Certain the best way to simulate a brain is just to take a brain in the first place.
And some research goes along these lines. There is work taking rat brains and feeding them signals, others are achieving basic arithmetic using extracted slug neurons, others have robots connected up to the pheromone sensors of a moth.


I read a paper which stated that if you really want a humanoid worker with the looks and capabilities of a human by far the easiest path is to genetically engineer a human child and graft on wireless interface hardware so you can effectively remote control the human. Ethics aside...

In the 1960s the CIA had project that messed around with the brains of cats and inserted various hardware that made the cat a remote control surveillance robot.

There is a certain merit in exploiting and reusing what nature has evolved rather than trying to engineer millions of years of evolution from scratch.
 
Certain the best way to simulate a brain is just to take a brain in the first place. And some research goes along these lines.

I read a paper which stated that if you really want a humanoid worker with the looks and capabilities of a human by far the easiest path is to genetically engineer a human child and graft on wireless interface hardware so you can effectively remote control the human.

There is a certain merit in exploiting and reusing what nature has evolved rather than trying to engineer millions of years of evolution from scratch.

I once read a sci-fi short story (I cannot recall the title or author) about humans being assessed for capabilities at about age 12 and then basically being programmed for one task (the one task they were best suited for) at age 16-18.

The story centred on a person who could not be pigeon-holed and programmed, which effectively made him an outcast, although it turned out that those capable of creative and original thinking were those very same outcasts.

They needed to learn that for themselves though, as it couldn't be programmed, or taught.
 
I think within the next 20 years, we may have 'virtual' intelligence - something that appears to be an AI, but is still limited by what data is originally programmed in to it.

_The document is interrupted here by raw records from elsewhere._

(* Let $C$ be an Additive-CSP($\psi$) constraint on variables $x_1,\dots,x_k$, let $G$ be its label-extended graph and $G^0$ the label-extended graph of the homogeneous constraint $C^0$. Then: (Completeness) for each assignment $\alpha:\{x_1,\dots,x_k\}\to H$ satisfying $C$ there is an $\alpha$-permutation $f$ which is a homomorphism from $G$ to $G^0$; (Soundness) if $f$ is an $\alpha$-permutation which is a homomorphism from $G$ to $G^0$, then $\alpha$ satisfies $C$.
   Context: $H$ is a finite abelian group, $k\ge3$, and $\psi\subseteq H^k$ is a balanced pairwise independent subgroup: a proper subgroup of $H^k$ such that for $a$ uniform in $\psi$ each coordinate is uniform on $H$ and any two coordinates are independent. An Additive-CSP($\psi$) constraint $C$ on distinct variables $x_1,\dots,x_k$ (taking values in $H$) has the form $\psi(x_1+a_1,\dots,x_k+a_k)=1$ with $a_i\in H$; its homogeneous version $C^0$ is $\psi(x_1,\dots,x_k)=1$. The label-extended graph of $C$ has variable vertices $x_i\mapsto b$ for $i\in[k]$, $b\in H$, and one constraint vertex for each assignment $\beta:\{x_1,\dots,x_k\}\to H$ satisfying $C$; its only edges join each constraint vertex $\beta$ to the $k$ variable vertices $x_i\mapsto\beta(x_i)$. The label-extended graphs of $C$ and $C^0$ share the names of variable vertices. For an assignment $\alpha$, a bijection $f$ from the vertices of $G$ to the vertices of $G^0$ is an $\alpha$-permutation if $f(x_i\mapsto b)=x_i\mapsto(b-\alpha(x_i))$ for every $i\in[k]$ and $b\in H$. $f$ is a homomorphism from $G$ to $G^0$ if it maps every edge of $G$ to an edge of $G^0$. *)

From HB Require Import structures.
From mathcomp Require Import all_boot all_order all_algebra.
Set Implicit Arguments. Unset Strict Implicit. Unset Printing Implicit Defensive.
Import GRing.Theory.
Local Open Scope ring_scope.

Definition tup (H : finZmodType) (k : nat) := {ffun 'I_k -> H}.

Section Defs.
Variables (H : finZmodType) (k : nat).

Definition is_subgroup (psi : {set tup H k}) : Prop :=
  [ffun=> 0] \in psi /\
  (forall x y, x \in psi -> y \in psi -> [ffun i => x i - y i] \in psi).

(* balanced pairwise independent subgroup: proper subgroup; for a uniform
   in psi each coordinate is uniform on H, and any two coordinates are
   independent (counting formulation of the uniform distribution on psi). *)
Definition balanced_pairwise_independent (psi : {set tup H k}) : Prop :=
  [/\ is_subgroup psi,
      psi \proper [set: tup H k],
      (forall (i : 'I_k) (b : H),
          (#|[set x in psi | x i == b]| * #|{: H}| = #|psi|)%N) &
      (forall (i j : 'I_k), i != j -> forall (b c : H),
          (#|[set x in psi | (x i == b) && (x j == c)]| * (#|{: H}| * #|{: H}|)
             = #|psi|)%N)].

(* The constraint psi(x_1 + a_1, ..., x_k + a_k) = 1 on distinct variables
   x_1..x_k (indexed by 'I_k); an assignment is beta : 'I_k -> H. *)
Definition sat (psi : {set tup H k}) (a : tup H k) (beta : tup H k) : bool :=
  [ffun i => beta i + a i] \in psi.

(* vertices of label-extended graphs: variable vertices (x_i |-> b) = inl (i,b),
   constraint vertices = inr beta. *)
Definition vtx := (('I_k * H) + tup H k)%type.

Definition is_vertex psi a (v : vtx) : bool :=
  match v with inl _ => true | inr beta => sat psi a beta end.

Definition LEvert psi a := {v : vtx | is_vertex psi a v}.

Definition LEedge (u v : vtx) : bool :=
  match u, v with
  | inr beta, inl (i, b) => beta i == b
  | inl (i, b), inr beta => beta i == b
  | _, _ => false
  end.

Definition alpha_perm psi a a' (alpha : tup H k)
  (f : LEvert psi a -> LEvert psi a') : Prop :=
  forall (u : LEvert psi a) (i : 'I_k) (b : H),
    val u = inl (i, b) -> val (f u) = inl (i, b - alpha i).

Definition is_hom psi a a' (f : LEvert psi a -> LEvert psi a') : Prop :=
  forall u v : LEvert psi a, LEedge (val u) (val v) -> LEedge (val (f u)) (val (f v)).

End Defs.

From mathcomp Require Import all_boot all_order all_algebra.
Local Open Scope ring_scope.
Import GRing.Theory.

Set Implicit Arguments.
Unset Strict Implicit.

(* Translating every label by -alpha maps the satisfying assignments of C onto
   those of C^0 exactly when alpha satisfies C, since psi is a subgroup; it
   fixes variable names and preserves incidence.  Conversely, an injective
   alpha-permutation that is a homomorphism must send the constraint vertex
   -a of G to a constraint vertex of G^0, which incidence pins down as
   -a - alpha; being in psi, it gives a + alpha in psi. *)

Section Subgroup.
Variables (H : finZmodType) (k : nat) (psi : {set tup H k}).
Hypothesis psi_subgroup : is_subgroup psi.

Lemma subgroup_opp (x : tup H k) : x \in psi -> [ffun i => - x i] \in psi.
Proof.
case: psi_subgroup => psi0 psiB xpsi.
congr (_ \in psi): (psiB _ _ psi0 xpsi).
by apply/ffunP => i; rewrite !ffunE sub0r.
Qed.

Lemma subgroup_add (x y : tup H k) :
  x \in psi -> y \in psi -> [ffun i => x i + y i] \in psi.
Proof.
case: psi_subgroup => _ psiB xpsi ypsi.
congr (_ \in psi): (psiB _ _ xpsi (subgroup_opp ypsi)).
by apply/ffunP => i; rewrite !ffunE opprK.
Qed.

Lemma sat_subr (a alpha beta : tup H k) : sat psi a alpha ->
  sat psi [ffun=> 0] [ffun i => beta i - alpha i] = sat psi a beta.
Proof.
rewrite /sat => alpha_sat; case: psi_subgroup => _ psiB.
apply/idP/idP => [shift_sat | beta_sat].
- congr (_ \in psi): (subgroup_add shift_sat alpha_sat).
  by apply/ffunP => i; rewrite !ffunE addr0 addrA subrK.
- congr (_ \in psi): (psiB _ _ beta_sat alpha_sat).
  by apply/ffunP => i; rewrite !ffunE addr0 [alpha i + _]addrC addrKA.
Qed.

End Subgroup.

Section Shift.
Variables (H : finZmodType) (k : nat).
Implicit Types (d : tup H k) (u v : vtx H k).

Definition vshift d v : vtx H k :=
  match v with
  | inl (i, b) => inl (i, b + d i)
  | inr beta => inr [ffun i => beta i + d i]
  end.

Lemma vshiftK d : cancel (vshift d) (vshift [ffun i => - d i]).
Proof.
case=> [[i b]|beta] /=; first by rewrite ffunE addrK.
by congr inr; apply/ffunP => i; rewrite !ffunE addrK.
Qed.

Lemma vshiftNK d : cancel (vshift [ffun i => - d i]) (vshift d).
Proof.
case=> [[i b]|beta] /=; first by rewrite ffunE subrK.
by congr inr; apply/ffunP => i; rewrite !ffunE subrK.
Qed.

Lemma LEedge_vshift d u v : LEedge (vshift d u) (vshift d v) = LEedge u v.
Proof.
by case: u => [[i b]|beta]; case: v => [[j c]|gamma] //=;
  rewrite ffunE (inj_eq (addIr _)).
Qed.

Lemma is_vertex_vshift psi a alpha v : is_subgroup psi -> sat psi a alpha ->
  is_vertex psi [ffun=> 0] (vshift [ffun i => - alpha i] v) = is_vertex psi a v.
Proof.
move=> psi_subgroup alpha_sat; case: v => [[i b]|beta] //=.
by rewrite -(sat_subr psi_subgroup beta alpha_sat); congr (sat _ _ _);
  apply/ffunP => i; rewrite !ffunE.
Qed.

End Shift.

Lemma sat_alpha_perm_hom (H : finZmodType) (k : nat) (psi : {set tup H k})
    (a alpha : tup H k) :
  is_subgroup psi -> sat psi a alpha ->
  exists f : LEvert psi a -> LEvert psi [ffun=> 0],
    [/\ bijective f, alpha_perm alpha f & is_hom f].
Proof.
move=> psi_subgroup alpha_sat.
pose nalpha : tup H k := [ffun i => - alpha i].
have fwdP v : is_vertex psi a v -> is_vertex psi [ffun=> 0] (vshift nalpha v).
  by rewrite (is_vertex_vshift _ psi_subgroup alpha_sat).
have bwdP v : is_vertex psi [ffun=> 0] v -> is_vertex psi a (vshift alpha v).
  by rewrite -(is_vertex_vshift _ psi_subgroup alpha_sat) vshiftK.
exists (fun u => exist _ (vshift nalpha (val u)) (fwdP _ (valP u))); split.
- exists (fun u => exist _ (vshift alpha (val u)) (bwdP _ (valP u))).
  + by move=> u; apply/val_inj; rewrite /= vshiftNK.
  + by move=> u; apply/val_inj; rewrite /= vshiftK.
- by move=> u i b /= ->; rewrite /= ffunE.
- by move=> u v; rewrite /= LEedge_vshift.
Qed.

Section Soundness.
Variables (H : finZmodType) (k : nat) (psi : {set tup H k}) (a a' alpha : tup H k).
Variable f : LEvert psi a -> LEvert psi a'.
Hypothesis f_perm : alpha_perm alpha f.

Lemma alpha_perm_inr (u : LEvert psi a) beta : injective f ->
  val u = inr beta -> exists gamma, val (f u) = inr gamma.
Proof.
move=> f_inj u_beta; case fu: (val (f u)) => [[i c]|gamma]; last by exists gamma.
pose w : LEvert psi a := exist _ (inl (i, c + alpha i)) isT.
have fw : f w = f u by apply/val_inj; rewrite (f_perm (u := w) erefl) addrK.
by move: u_beta; rewrite -(f_inj _ _ fw).
Qed.

Lemma alpha_perm_hom_inr (u : LEvert psi a) beta gamma : is_hom f ->
  val u = inr beta -> val (f u) = inr gamma -> gamma = [ffun i => beta i - alpha i].
Proof.
move=> f_hom u_beta fu_gamma; apply/ffunP => i; rewrite ffunE.
pose w : LEvert psi a := exist _ (inl (i, beta i)) isT.
have := f_hom u w; rewrite u_beta fu_gamma (f_perm (u := w) erefl) /= eqxx.
by move=> /(_ isT) /eqP.
Qed.

End Soundness.

Lemma alpha_perm_hom_sat (H : finZmodType) (k : nat) (psi : {set tup H k})
    (a alpha : tup H k) (f : LEvert psi a -> LEvert psi [ffun=> 0]) :
  is_subgroup psi -> injective f -> alpha_perm alpha f -> is_hom f ->
  sat psi a alpha.
Proof.
move=> psi_subgroup f_inj f_perm f_hom.
have psi0 : [ffun=> 0] \in psi by case: psi_subgroup.
have na_sat : is_vertex psi a (inr [ffun i => - a i]).
  by rewrite /= /sat; congr (_ \in psi): psi0; apply/ffunP => i; rewrite !ffunE addNr.
pose u : LEvert psi a := exist _ (inr [ffun i => - a i]) na_sat.
have [gamma fu] := alpha_perm_inr f_perm f_inj (erefl : val u = _).
have gamma_sat : sat psi [ffun=> 0] gamma by have := valP (f u); rewrite fu.
rewrite /sat; congr (_ \in psi): (subgroup_opp psi_subgroup gamma_sat).
rewrite (alpha_perm_hom_inr f_perm f_hom (erefl : val u = _) fu).
by apply/ffunP => i; rewrite !ffunE addr0 opprB opprK addrC.
Qed.

Theorem lemma7p2 (H : finZmodType) (k : nat) (hk : (3 <= k)%N)
  (psi : {set tup H k}) (hpsi : balanced_pairwise_independent psi)
  (a : tup H k) :
  (forall alpha : tup H k, sat psi a alpha ->
     exists f : LEvert psi a -> LEvert psi [ffun=> 0],
       [/\ bijective f, alpha_perm alpha f & is_hom f]) /\
  (forall (alpha : tup H k) (f : LEvert psi a -> LEvert psi [ffun=> 0]),
     bijective f -> alpha_perm alpha f -> is_hom f -> sat psi a alpha).
Proof.
have [psi_subgroup _ _ _] := hpsi.
split=> [alpha | alpha f f_bij]; first exact: sat_alpha_perm_hom.
exact/alpha_perm_hom_sat/bij_inj.
Qed.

IMHO, when people refer to an 'AI' (for example, a game 'AI') they are really talking about a 'VI' instead.

On the other hand, creating a 'true' AI will take longer due to the need for a programme that can adapt on the fly, and is capable of learning and making intelligent decisions. Maybe by this time, we have optical computing/biological computing or even quantum computers. I'd imagine this on the time scale of 50-80 years from now.